EXERCISE INPUTS:

(* For all integers $n,f$ with $1\le f\le n-2$, the wait-free Consensus task $\mathrm{Cons}(f+1,f)$ is not $C$-reducible to the $f$-resilient Consensus task $\mathrm{Cons}(n,f)$.
   Context: Model: a finite set of processes runs an asynchronous algorithm communicating by reliable message passing with unbounded delays and speeds; processes fail only by crashing. Time is $\mathcal T=\mathbb N$; a failure pattern $F$ for $\Pi$ is a nondecreasing map $\mathcal T\to2^\Pi$, $Faulty(F)=\bigcup_tF(t)$. A task $T=(P,f)$ consists of a binary agreement problem $P$ (mapping $(F,\vec V)$, $\vec V\in\{0,1\}^\Pi$, to a nonempty $P(F,\vec V)\subseteq\{0,1\}$) and a resiliency degree $f$. An algorithm solves $T$ if in every run with $|Faulty(F)|\le f$ and initial values $\vec V$: every correct process eventually decides, decisions are irrevocable, no two processes decide differently, and decisions lie in $P(F,\vec V)$. Binary Consensus $\mathrm{Cons}(n,f)=(\mathrm{Cons}_{\Pi},f)$ on $\Pi=\{1,\dots,n\}$: $\mathrm{Cons}_\Pi(F,\vec V)=\{v\}$ if all entries of $\vec V$ equal $v$, and $\{0,1\}$ otherwise. Oracles: for $T=(P,f)$ on process set $\Pi'$, $\mathcal O.T$ is a black box with consultants $\Pi'$; its history is a sequence of successive consultations, in each of which every consultant may submit at most one query in $\{0,1\}$ and the oracle returns a common response $d$ with $d\in P(F,\vec V)$ for every $\vec V$ extending the partial query vector (the oracle may use the whole failure pattern, including future crashes), and every correct querier gets the response whenever at least $|\Pi'|-f$ consultants query; $\mathcal O.T$ is the most general such oracle. $C$-reduction: $T_1\le_C T_2$ if there is an algorithm solving $T_1$ whose processes, besides message passing, may consult a single oracle $\mathcal O.T_2'$ where $T_2'$ is a renamed copy of $T_2$ whose consultant set contains or is contained in the process set of $T_1$; consultants that are not processes of $T_1$ never query and count as crashed from the start for the oracle. $\le_C$ is transitive. *)

From mathcomp Require Import all_boot.
Set Implicit Arguments.
Unset Strict Implicit.
Unset Printing Implicit Defensive.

TO DO: Exactly and without omission, set down every entry.

ANSWER FOR THE TASK:
(* For all integers $n,f$ with $1\le f\le n-2$, the wait-free Consensus task $\mathrm{Cons}(f+1,f)$ is not $C$-reducible to the $f$-resilient Consensus task $\mathrm{Cons}(n,f)$.
   Context: Model: a finite set of processes runs an asynchronous algorithm communicating by reliable message passing with unbounded delays and speeds; processes fail only by crashing. Time is $\mathcal T=\mathbb N$; a failure pattern $F$ for $\Pi$ is a nondecreasing map $\mathcal T\to2^\Pi$, $Faulty(F)=\bigcup_tF(t)$. A task $T=(P,f)$ consists of a binary agreement problem $P$ (mapping $(F,\vec V)$, $\vec V\in\{0,1\}^\Pi$, to a nonempty $P(F,\vec V)\subseteq\{0,1\}$) and a resiliency degree $f$. An algorithm solves $T$ if in every run with $|Faulty(F)|\le f$ and initial values $\vec V$: every correct process eventually decides, decisions are irrevocable, no two processes decide differently, and decisions lie in $P(F,\vec V)$. Binary Consensus $\mathrm{Cons}(n,f)=(\mathrm{Cons}_{\Pi},f)$ on $\Pi=\{1,\dots,n\}$: $\mathrm{Cons}_\Pi(F,\vec V)=\{v\}$ if all entries of $\vec V$ equal $v$, and $\{0,1\}$ otherwise. Oracles: for $T=(P,f)$ on process set $\Pi'$, $\mathcal O.T$ is a black box with consultants $\Pi'$; its history is a sequence of successive consultations, in each of which every consultant may submit at most one query in $\{0,1\}$ and the oracle returns a common response $d$ with $d\in P(F,\vec V)$ for every $\vec V$ extending the partial query vector (the oracle may use the whole failure pattern, including future crashes), and every correct querier gets the response whenever at least $|\Pi'|-f$ consultants query; $\mathcal O.T$ is the most general such oracle. $C$-reduction: $T_1\le_C T_2$ if there is an algorithm solving $T_1$ whose processes, besides message passing, may consult a single oracle $\mathcal O.T_2'$ where $T_2'$ is a renamed copy of $T_2$ whose consultant set contains or is contained in the process set of $T_1$; consultants that are not processes of $T_1$ never query and count as crashed from the start for the oracle. $\le_C$ is transitive. *)

From mathcomp Require Import all_boot.
Set Implicit Arguments.
Unset Strict Implicit.
Unset Printing Implicit Defensive.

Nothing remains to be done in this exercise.